Taking the line with "- intros [->" as the first and the line with "destruct (proj1 (run_correct e _ _) (e_computes_h (prog k w2)))" as the last, set down exactly every line in that range from the entries below, and no more.

(Beginning of Data shown)

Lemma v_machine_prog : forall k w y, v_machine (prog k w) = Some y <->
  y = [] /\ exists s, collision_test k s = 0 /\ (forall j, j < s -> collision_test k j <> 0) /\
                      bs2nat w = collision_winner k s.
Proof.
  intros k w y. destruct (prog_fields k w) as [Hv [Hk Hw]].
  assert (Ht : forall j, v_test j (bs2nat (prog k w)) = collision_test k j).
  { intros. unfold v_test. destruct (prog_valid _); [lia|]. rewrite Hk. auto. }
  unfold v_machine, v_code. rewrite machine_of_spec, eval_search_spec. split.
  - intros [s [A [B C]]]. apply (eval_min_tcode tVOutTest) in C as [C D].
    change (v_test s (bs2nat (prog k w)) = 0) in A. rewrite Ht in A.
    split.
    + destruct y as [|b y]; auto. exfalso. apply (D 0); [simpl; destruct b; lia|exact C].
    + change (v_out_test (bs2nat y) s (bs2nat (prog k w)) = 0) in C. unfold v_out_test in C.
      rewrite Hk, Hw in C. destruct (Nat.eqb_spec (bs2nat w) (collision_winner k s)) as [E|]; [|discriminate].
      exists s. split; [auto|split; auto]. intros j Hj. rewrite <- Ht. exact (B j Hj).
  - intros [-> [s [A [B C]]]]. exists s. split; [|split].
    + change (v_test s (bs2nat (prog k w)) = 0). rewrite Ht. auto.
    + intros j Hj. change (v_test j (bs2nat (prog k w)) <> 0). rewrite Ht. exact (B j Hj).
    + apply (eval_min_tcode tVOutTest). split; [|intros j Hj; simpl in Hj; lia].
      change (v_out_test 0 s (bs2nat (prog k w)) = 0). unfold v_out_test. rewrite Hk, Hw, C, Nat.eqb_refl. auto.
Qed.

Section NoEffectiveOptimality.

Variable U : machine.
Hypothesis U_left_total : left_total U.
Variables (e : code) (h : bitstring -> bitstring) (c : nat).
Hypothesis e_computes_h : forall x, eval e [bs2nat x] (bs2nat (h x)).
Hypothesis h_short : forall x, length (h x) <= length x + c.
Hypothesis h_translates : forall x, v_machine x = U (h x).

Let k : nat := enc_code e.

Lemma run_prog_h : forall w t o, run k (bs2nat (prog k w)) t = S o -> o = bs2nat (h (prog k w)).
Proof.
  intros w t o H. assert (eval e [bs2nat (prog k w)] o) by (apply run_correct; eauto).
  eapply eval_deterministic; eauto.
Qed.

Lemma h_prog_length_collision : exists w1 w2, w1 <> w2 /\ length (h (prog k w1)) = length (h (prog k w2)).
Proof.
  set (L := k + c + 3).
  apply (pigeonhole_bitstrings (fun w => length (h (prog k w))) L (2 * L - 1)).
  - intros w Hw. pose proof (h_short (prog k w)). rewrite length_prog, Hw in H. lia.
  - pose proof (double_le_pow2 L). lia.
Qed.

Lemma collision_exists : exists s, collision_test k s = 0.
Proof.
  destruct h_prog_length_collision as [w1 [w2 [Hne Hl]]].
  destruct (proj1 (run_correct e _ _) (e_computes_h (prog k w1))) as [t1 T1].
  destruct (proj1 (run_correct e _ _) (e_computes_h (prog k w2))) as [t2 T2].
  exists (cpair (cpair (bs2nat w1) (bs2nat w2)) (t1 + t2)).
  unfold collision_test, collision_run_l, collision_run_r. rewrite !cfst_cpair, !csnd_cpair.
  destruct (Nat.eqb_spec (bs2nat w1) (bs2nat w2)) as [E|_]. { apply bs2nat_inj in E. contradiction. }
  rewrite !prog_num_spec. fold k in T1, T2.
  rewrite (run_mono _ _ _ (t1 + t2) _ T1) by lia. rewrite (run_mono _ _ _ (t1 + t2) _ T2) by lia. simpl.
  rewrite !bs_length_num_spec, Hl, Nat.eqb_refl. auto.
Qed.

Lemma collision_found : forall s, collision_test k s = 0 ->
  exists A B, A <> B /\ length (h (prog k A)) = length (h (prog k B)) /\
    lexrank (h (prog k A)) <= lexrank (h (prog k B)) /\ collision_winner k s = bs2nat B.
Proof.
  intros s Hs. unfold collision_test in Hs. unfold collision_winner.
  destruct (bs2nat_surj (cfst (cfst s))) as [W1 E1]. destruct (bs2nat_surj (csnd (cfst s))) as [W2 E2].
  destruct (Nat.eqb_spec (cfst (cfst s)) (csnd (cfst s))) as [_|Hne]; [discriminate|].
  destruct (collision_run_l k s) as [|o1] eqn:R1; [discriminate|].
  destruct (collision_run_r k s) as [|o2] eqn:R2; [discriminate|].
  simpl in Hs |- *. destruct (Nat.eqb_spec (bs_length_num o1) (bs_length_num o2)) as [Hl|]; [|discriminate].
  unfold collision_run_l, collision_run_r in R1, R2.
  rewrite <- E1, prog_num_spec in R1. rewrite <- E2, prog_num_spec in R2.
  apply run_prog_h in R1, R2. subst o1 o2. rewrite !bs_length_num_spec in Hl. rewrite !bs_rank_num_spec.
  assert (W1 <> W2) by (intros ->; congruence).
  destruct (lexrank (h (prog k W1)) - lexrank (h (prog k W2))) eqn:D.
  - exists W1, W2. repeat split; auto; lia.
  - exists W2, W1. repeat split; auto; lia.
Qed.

(End of Data shown)
(Beginning of Data shown)

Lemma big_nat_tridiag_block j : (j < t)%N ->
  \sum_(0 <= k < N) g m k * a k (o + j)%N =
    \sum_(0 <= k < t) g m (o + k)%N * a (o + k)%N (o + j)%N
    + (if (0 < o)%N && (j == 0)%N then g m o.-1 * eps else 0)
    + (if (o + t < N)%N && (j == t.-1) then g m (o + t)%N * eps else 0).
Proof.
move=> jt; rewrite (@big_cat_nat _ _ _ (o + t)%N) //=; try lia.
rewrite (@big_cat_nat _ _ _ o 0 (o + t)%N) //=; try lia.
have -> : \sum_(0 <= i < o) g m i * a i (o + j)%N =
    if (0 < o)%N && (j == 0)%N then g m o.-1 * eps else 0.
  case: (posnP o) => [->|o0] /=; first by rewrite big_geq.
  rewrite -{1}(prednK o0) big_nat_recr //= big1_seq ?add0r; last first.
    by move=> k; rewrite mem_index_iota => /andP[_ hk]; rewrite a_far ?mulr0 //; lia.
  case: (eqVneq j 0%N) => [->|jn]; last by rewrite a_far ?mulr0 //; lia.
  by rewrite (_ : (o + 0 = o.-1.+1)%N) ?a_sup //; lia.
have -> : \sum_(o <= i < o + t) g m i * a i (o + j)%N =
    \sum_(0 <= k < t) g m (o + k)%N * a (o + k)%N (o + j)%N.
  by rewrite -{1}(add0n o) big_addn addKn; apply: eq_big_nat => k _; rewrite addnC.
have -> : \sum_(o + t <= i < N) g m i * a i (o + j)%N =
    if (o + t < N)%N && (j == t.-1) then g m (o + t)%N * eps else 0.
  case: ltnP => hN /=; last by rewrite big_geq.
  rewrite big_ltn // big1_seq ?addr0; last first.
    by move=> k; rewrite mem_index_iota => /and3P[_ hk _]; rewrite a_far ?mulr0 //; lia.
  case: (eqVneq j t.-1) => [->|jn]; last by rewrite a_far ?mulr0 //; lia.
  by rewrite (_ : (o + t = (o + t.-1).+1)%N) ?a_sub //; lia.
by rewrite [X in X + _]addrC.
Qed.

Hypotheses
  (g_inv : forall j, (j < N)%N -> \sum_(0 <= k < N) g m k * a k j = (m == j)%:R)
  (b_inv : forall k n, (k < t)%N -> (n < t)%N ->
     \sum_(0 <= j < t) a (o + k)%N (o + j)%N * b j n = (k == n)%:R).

(End of Data shown)

▶ [Task result]
  - intros [-> [s [A [B C]]]]. exists s. split; [|split].
    + change (v_test s (bs2nat (prog k w)) = 0). rewrite Ht. auto.
    + intros j Hj. change (v_test j (bs2nat (prog k w)) <> 0). rewrite Ht. exact (B j Hj).
    + apply (eval_min_tcode tVOutTest). split; [|intros j Hj; simpl in Hj; lia].
      change (v_out_test 0 s (bs2nat (prog k w)) = 0). unfold v_out_test. rewrite Hk, Hw, C, Nat.eqb_refl. auto.
Qed.

Section NoEffectiveOptimality.

Variable U : machine.
Hypothesis U_left_total : left_total U.
Variables (e : code) (h : bitstring -> bitstring) (c : nat).
Hypothesis e_computes_h : forall x, eval e [bs2nat x] (bs2nat (h x)).
Hypothesis h_short : forall x, length (h x) <= length x + c.
Hypothesis h_translates : forall x, v_machine x = U (h x).

Let k : nat := enc_code e.

Lemma run_prog_h : forall w t o, run k (bs2nat (prog k w)) t = S o -> o = bs2nat (h (prog k w)).
Proof.
  intros w t o H. assert (eval e [bs2nat (prog k w)] o) by (apply run_correct; eauto).
  eapply eval_deterministic; eauto.
Qed.

Lemma h_prog_length_collision : exists w1 w2, w1 <> w2 /\ length (h (prog k w1)) = length (h (prog k w2)).
Proof.
  set (L := k + c + 3).
  apply (pigeonhole_bitstrings (fun w => length (h (prog k w))) L (2 * L - 1)).
  - intros w Hw. pose proof (h_short (prog k w)). rewrite length_prog, Hw in H. lia.
  - pose proof (double_le_pow2 L). lia.
Qed.

Lemma collision_exists : exists s, collision_test k s = 0.
Proof.
  destruct h_prog_length_collision as [w1 [w2 [Hne Hl]]].
  destruct (proj1 (run_correct e _ _) (e_computes_h (prog k w1))) as [t1 T1].
  destruct (proj1 (run_correct e _ _) (e_computes_h (prog k w2))) as [t2 T2].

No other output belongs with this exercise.